Work request: Scan the lines below for "vertexE" and copy the matches.

***** Recorded data *****

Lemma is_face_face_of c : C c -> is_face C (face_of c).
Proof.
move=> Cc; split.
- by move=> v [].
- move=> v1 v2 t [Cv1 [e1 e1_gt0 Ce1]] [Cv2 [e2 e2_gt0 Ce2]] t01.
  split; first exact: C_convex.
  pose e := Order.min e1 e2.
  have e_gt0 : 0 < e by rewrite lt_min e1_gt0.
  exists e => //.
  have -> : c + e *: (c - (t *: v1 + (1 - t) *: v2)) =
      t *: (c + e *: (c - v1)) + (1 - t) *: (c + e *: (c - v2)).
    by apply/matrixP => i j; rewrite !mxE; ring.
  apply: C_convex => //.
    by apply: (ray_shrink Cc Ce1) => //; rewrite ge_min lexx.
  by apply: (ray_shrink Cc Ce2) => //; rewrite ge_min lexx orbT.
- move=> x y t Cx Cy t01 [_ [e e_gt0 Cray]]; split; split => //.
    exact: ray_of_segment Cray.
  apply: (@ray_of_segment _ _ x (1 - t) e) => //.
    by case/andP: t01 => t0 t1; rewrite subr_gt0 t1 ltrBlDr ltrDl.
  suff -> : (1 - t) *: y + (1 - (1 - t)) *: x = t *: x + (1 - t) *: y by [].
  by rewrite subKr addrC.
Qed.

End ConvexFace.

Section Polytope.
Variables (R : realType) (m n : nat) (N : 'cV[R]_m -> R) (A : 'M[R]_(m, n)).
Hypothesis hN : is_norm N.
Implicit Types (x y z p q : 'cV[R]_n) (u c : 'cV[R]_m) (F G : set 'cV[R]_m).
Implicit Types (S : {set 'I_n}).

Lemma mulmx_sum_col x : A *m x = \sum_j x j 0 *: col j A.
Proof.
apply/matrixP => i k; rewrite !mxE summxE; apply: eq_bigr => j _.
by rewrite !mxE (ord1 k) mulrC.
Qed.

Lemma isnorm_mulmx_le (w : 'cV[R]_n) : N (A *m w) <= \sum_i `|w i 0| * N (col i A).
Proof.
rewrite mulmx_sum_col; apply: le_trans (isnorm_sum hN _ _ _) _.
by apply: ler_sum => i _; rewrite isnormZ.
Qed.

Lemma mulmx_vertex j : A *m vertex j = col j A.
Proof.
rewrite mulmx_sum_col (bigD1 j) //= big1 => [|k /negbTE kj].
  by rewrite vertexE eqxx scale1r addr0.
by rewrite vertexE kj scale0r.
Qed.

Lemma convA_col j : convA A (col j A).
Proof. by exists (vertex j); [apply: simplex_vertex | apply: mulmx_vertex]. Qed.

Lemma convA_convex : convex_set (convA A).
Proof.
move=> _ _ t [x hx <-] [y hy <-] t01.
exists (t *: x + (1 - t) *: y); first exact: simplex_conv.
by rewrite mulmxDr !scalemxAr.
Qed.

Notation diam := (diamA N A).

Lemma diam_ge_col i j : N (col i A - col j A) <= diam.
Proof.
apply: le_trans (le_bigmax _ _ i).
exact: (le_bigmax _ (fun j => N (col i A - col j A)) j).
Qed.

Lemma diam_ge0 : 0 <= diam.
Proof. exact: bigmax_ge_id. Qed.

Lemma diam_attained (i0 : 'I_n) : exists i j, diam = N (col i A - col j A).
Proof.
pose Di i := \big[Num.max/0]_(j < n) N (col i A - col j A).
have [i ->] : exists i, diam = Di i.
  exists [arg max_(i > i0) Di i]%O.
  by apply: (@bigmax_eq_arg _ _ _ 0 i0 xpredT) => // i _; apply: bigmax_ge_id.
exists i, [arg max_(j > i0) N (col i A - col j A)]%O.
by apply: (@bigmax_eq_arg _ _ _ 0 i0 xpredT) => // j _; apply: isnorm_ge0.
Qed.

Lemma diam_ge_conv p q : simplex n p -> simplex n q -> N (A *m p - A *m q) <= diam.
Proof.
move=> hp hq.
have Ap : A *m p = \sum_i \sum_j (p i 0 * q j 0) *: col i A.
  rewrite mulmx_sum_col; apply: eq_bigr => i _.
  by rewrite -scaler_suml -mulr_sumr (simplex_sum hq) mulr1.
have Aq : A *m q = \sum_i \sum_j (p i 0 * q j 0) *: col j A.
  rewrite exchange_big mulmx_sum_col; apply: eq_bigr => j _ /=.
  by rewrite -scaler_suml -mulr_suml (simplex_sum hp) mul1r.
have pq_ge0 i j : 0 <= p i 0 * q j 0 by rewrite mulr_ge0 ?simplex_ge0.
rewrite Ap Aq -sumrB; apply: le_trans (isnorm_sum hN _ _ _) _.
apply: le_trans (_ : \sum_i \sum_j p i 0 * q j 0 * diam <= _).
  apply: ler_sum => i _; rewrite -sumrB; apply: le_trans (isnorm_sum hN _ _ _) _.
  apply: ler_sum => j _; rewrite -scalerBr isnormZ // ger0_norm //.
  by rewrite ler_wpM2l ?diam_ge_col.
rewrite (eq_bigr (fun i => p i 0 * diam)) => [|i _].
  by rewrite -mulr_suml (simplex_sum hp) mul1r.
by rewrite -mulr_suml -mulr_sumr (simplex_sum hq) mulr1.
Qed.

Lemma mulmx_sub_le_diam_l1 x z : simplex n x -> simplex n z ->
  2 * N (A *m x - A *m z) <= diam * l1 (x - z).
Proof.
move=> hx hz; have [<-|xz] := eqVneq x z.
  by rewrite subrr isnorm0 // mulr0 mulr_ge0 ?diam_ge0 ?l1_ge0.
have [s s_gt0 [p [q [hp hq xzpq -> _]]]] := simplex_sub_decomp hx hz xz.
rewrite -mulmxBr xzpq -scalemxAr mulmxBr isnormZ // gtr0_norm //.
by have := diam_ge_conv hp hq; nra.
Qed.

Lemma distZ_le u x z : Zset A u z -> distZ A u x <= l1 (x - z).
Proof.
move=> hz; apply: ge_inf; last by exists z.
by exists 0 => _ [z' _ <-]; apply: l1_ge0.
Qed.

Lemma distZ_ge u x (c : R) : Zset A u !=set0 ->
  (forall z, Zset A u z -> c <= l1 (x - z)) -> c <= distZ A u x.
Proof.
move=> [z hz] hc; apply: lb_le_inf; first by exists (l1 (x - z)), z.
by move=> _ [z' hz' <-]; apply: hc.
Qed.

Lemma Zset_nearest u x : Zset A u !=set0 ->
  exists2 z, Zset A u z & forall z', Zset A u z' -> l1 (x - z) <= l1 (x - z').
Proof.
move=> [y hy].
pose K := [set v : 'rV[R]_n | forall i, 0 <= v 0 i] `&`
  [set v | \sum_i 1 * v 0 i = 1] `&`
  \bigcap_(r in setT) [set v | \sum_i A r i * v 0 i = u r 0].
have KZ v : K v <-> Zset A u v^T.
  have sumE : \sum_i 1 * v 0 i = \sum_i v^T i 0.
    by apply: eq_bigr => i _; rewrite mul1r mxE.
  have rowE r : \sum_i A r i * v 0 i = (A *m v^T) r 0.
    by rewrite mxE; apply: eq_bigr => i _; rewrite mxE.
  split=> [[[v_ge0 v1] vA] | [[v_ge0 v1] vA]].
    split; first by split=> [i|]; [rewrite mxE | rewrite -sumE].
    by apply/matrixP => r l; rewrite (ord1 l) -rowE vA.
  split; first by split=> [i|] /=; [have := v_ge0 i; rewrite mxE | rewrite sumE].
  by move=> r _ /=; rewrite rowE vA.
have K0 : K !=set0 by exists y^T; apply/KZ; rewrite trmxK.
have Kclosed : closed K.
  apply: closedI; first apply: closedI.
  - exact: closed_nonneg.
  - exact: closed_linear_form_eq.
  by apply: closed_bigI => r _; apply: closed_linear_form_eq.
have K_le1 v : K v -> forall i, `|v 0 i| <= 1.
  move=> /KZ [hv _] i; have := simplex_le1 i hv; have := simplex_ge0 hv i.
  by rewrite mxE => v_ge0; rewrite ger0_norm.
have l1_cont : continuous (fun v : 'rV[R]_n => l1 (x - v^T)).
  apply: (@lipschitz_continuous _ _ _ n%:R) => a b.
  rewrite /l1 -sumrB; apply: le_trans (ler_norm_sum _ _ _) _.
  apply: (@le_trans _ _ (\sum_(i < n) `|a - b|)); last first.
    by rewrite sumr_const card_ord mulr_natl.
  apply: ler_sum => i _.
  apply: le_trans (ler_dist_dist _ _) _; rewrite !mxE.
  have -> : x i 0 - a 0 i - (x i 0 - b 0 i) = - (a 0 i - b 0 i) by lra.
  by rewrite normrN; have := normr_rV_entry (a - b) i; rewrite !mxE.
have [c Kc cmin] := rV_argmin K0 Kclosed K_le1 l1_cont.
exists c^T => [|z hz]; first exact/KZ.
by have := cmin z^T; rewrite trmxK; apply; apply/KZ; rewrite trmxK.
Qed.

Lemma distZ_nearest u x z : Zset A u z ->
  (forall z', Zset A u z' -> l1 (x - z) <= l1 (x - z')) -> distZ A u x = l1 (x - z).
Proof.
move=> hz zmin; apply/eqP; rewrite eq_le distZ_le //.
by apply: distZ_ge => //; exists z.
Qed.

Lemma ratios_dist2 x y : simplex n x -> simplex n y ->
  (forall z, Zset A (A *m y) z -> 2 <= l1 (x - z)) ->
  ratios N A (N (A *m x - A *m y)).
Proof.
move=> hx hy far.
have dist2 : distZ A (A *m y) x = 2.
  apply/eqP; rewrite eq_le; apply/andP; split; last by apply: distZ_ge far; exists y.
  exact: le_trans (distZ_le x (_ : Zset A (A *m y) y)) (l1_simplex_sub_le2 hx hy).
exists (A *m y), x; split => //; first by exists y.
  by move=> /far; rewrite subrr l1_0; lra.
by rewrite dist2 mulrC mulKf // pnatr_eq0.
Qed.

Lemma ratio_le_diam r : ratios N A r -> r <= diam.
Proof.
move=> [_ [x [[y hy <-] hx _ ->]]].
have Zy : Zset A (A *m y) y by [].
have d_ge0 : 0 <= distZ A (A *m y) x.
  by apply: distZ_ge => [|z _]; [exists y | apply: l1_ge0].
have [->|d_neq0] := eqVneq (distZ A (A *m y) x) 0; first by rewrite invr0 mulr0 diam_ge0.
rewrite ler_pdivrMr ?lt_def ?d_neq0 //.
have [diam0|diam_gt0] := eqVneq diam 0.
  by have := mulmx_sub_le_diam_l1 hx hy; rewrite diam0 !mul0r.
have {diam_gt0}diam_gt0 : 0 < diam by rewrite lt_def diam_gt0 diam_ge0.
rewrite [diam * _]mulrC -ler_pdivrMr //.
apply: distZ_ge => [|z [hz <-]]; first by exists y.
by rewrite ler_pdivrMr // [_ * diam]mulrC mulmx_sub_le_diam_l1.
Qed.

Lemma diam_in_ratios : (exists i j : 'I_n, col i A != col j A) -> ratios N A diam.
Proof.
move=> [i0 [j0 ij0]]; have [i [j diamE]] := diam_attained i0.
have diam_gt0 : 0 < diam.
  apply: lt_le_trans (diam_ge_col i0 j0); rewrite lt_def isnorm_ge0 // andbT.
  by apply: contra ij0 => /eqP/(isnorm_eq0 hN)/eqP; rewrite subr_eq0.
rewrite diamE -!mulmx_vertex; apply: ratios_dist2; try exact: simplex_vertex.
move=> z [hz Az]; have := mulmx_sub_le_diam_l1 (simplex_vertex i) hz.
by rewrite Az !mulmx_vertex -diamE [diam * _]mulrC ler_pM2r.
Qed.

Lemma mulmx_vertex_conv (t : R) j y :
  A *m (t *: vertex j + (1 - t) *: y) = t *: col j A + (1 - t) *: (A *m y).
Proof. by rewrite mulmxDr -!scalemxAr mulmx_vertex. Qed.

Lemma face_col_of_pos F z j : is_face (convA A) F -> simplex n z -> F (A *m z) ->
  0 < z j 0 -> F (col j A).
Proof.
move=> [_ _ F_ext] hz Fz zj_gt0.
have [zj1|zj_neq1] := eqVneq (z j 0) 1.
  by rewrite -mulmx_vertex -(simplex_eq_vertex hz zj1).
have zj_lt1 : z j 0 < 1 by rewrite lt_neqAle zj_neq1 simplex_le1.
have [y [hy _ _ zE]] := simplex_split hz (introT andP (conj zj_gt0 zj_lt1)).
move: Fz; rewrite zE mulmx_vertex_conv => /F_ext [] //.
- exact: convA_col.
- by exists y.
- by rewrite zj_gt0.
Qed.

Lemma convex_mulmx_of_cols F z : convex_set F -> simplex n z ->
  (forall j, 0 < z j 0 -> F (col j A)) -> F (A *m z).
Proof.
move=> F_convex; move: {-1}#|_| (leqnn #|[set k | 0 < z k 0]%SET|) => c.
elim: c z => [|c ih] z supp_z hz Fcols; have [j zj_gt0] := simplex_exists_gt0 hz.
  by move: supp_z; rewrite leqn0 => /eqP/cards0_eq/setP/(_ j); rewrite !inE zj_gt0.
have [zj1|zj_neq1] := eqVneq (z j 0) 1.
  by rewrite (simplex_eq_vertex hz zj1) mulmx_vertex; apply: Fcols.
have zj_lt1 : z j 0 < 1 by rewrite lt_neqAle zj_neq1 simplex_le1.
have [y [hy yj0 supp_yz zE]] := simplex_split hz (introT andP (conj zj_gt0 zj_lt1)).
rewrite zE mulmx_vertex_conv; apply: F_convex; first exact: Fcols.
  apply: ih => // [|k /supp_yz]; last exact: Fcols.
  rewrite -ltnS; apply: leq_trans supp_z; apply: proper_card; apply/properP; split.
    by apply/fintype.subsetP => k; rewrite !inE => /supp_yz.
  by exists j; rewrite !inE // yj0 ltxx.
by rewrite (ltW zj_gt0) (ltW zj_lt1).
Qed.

*****

Exercise output:
  by rewrite vertexE eqxx scale1r addr0.
by rewrite vertexE kj scale0r.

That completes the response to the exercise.